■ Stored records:
--------------------------------------------------

(* In fact every element of R C_n is a sum of two units (take e = 0).
   Let I = J(R) C_n.  Elements 1 - j with j in I are units (Nakayama, by
   Gaussian elimination), so units lift from Q = R C_n / I to R C_n.  As Q is
   an n-dimensional algebra over the division ring R / J(R), the chains
   a^k Q and {x | a^k x = 0} stabilise after n steps, i.e. a^n = a^2n b and
   a^2n x = 0 -> a^n x = 0 in Q.  Fitting's lemma then writes a = ap + aq with
   p idempotent, q = 1 - p, ap a unit of pQp and aq nilpotent, so that
   u = ap/2 + q and a - u = ap/2 + (aq - q) are units of Q: this is where
   char R/J(R) <> 2 is used.  Dimensions over the noncommutative division
   ring R/J(R) are replaced by the sets of leading positions of echelon
   forms. *)

Definition invertible (T : pzRingType) (u : T) := exists v, u * v = 1 /\ v * u = 1.

Section Invertible.
Variable T : pzRingType.
Implicit Types u v w : T.

Lemma invertible_of_inverses u v w : u * v = 1 -> w * u = 1 -> invertible u.
Proof.
move=> uv wu; have vw : v = w by rewrite -[w]mulr1 -uv mulrA wu mul1r.
by exists v; rewrite {2}vw.
Qed.

Lemma invertible_rmorph (S : pzRingType) (f : {rmorphism T -> S}) u :
  invertible u -> invertible (f u).
Proof. by case=> v [uv vu]; exists (f v); rewrite -!rmorphM uv vu rmorph1. Qed.

Lemma invertible_1B_nilpotent u k : u ^+ k = 0 -> invertible (1 - u).
Proof.
move=> uk; have := subrX1 u k; rewrite uk sub0r => /eqP; rewrite eqr_oppLR => /eqP E.
set G := \sum_(i < k) u ^+ i in E.
have uG : u * G = G * u.
  by rewrite mulr_suml mulr_sumr; apply: eq_bigr => i _; rewrite -exprS exprSr.
apply: (@invertible_of_inverses _ G G); first by rewrite -opprB mulNr -E.
by rewrite mulrBr mulr1 -uG -[G in G - _]mul1r -mulrBl -opprB mulNr -E.
Qed.

Lemma comm_inverse_nat (h : T) n :
  n%:R * h = 1 -> h * n%:R = 1 -> forall x, GRing.comm h x.
Proof.
move=> nh hn x; rewrite /GRing.comm -[h * x]mulr1 -nh mulrA -(mulrA h) (commr_nat x n).
by rewrite !mulrA hn mul1r.
Qed.

End Invertible.

Lemma invertibleP (R : unitRingType) (x : R) : reflect (invertible x) (x \is a GRing.unit).
Proof. by apply: (iffP unitrP) => -[y [? ?]]; exists y. Qed.

Section Peirce.
Variable T : pzRingType.

Lemma corner_idem (e x : T) : e * e = e -> e * x * e = x -> e * x = x /\ x * e = x.
Proof. by move=> ee <-; rewrite !mulrA ee -!mulrA ee. Qed.

Variable p : T.
Hypothesis pp : p * p = p.
Local Notation q := (1 - p).

Lemma mulr_idem_compl : p * q = 0.
Proof. by rewrite mulrBr mulr1 pp subrr. Qed.

Lemma mulr_compl_idem : q * p = 0.
Proof. by rewrite mulrBl mul1r pp subrr. Qed.

Lemma compl_idem : q * q = q.
Proof. by rewrite mulrBl mul1r mulr_idem_compl subr0. Qed.

Lemma invertible_peirce_sum x x' y y' :
  p * x * p = x -> p * x' * p = x' -> q * y * q = y -> q * y' * q = y' ->
  x * x' = p -> x' * x = p -> y * y' = q -> y' * y = q -> invertible (x + y).
Proof.
move=> /(corner_idem pp) [px xp] /(corner_idem pp) [px' x'p].
move=> /(corner_idem compl_idem) [qy yq] /(corner_idem compl_idem) [qy' y'q].
move=> xx' x'x yy' y'y.
have orth (u v : T) e f : e * f = 0 -> u * e = u -> f * v = v -> u * v = 0.
  by move=> ef <- <-; rewrite mulrA -(mulrA u) ef mulr0 mul0r.
exists (x' + y'); rewrite !mulrDl !mulrDr xx' x'x yy' y'y.
rewrite (orth _ _ _ _ mulr_idem_compl xp qy') (orth _ _ _ _ mulr_compl_idem yq px').
rewrite (orth _ _ _ _ mulr_idem_compl x'p qy) (orth _ _ _ _ mulr_compl_idem y'q px).
by rewrite !(addr0, add0r) addrC subrK.
Qed.

End Peirce.

Section FittingDecomposition.
Variables (T : pzRingType) (a b : T) (k : nat).
Hypotheses (k_gt0 : (0 < k)%N) (pow_reg : a ^+ k = a ^+ (k + k) * b)
  (pow_ann : forall x, a ^+ (k + k) * x = 0 -> a ^+ k * x = 0).

(* p = a^k b is the Fitting idempotent of a: it commutes with a, ap is
   invertible in pTp with inverse w, and a(1 - p) is nilpotent. *)

Section Witnesses.
Variables (p w : T).
Hypotheses (pE : p = a ^+ k * b) (wE : w = p * a ^+ k.-1 * b * p).
Local Notation y := (a ^+ k).

Let cancel_y x : y * (y * x) = 0 -> y * x = 0.
Proof. by rewrite mulrA -exprD; apply: pow_ann. Qed.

--------------------------------------------------

■ Exercise instructions: Show every line of the records above that contains the word "Variables".

■ Solution:
Variables (T : pzRingType) (a b : T) (k : nat).
Variables (p w : T).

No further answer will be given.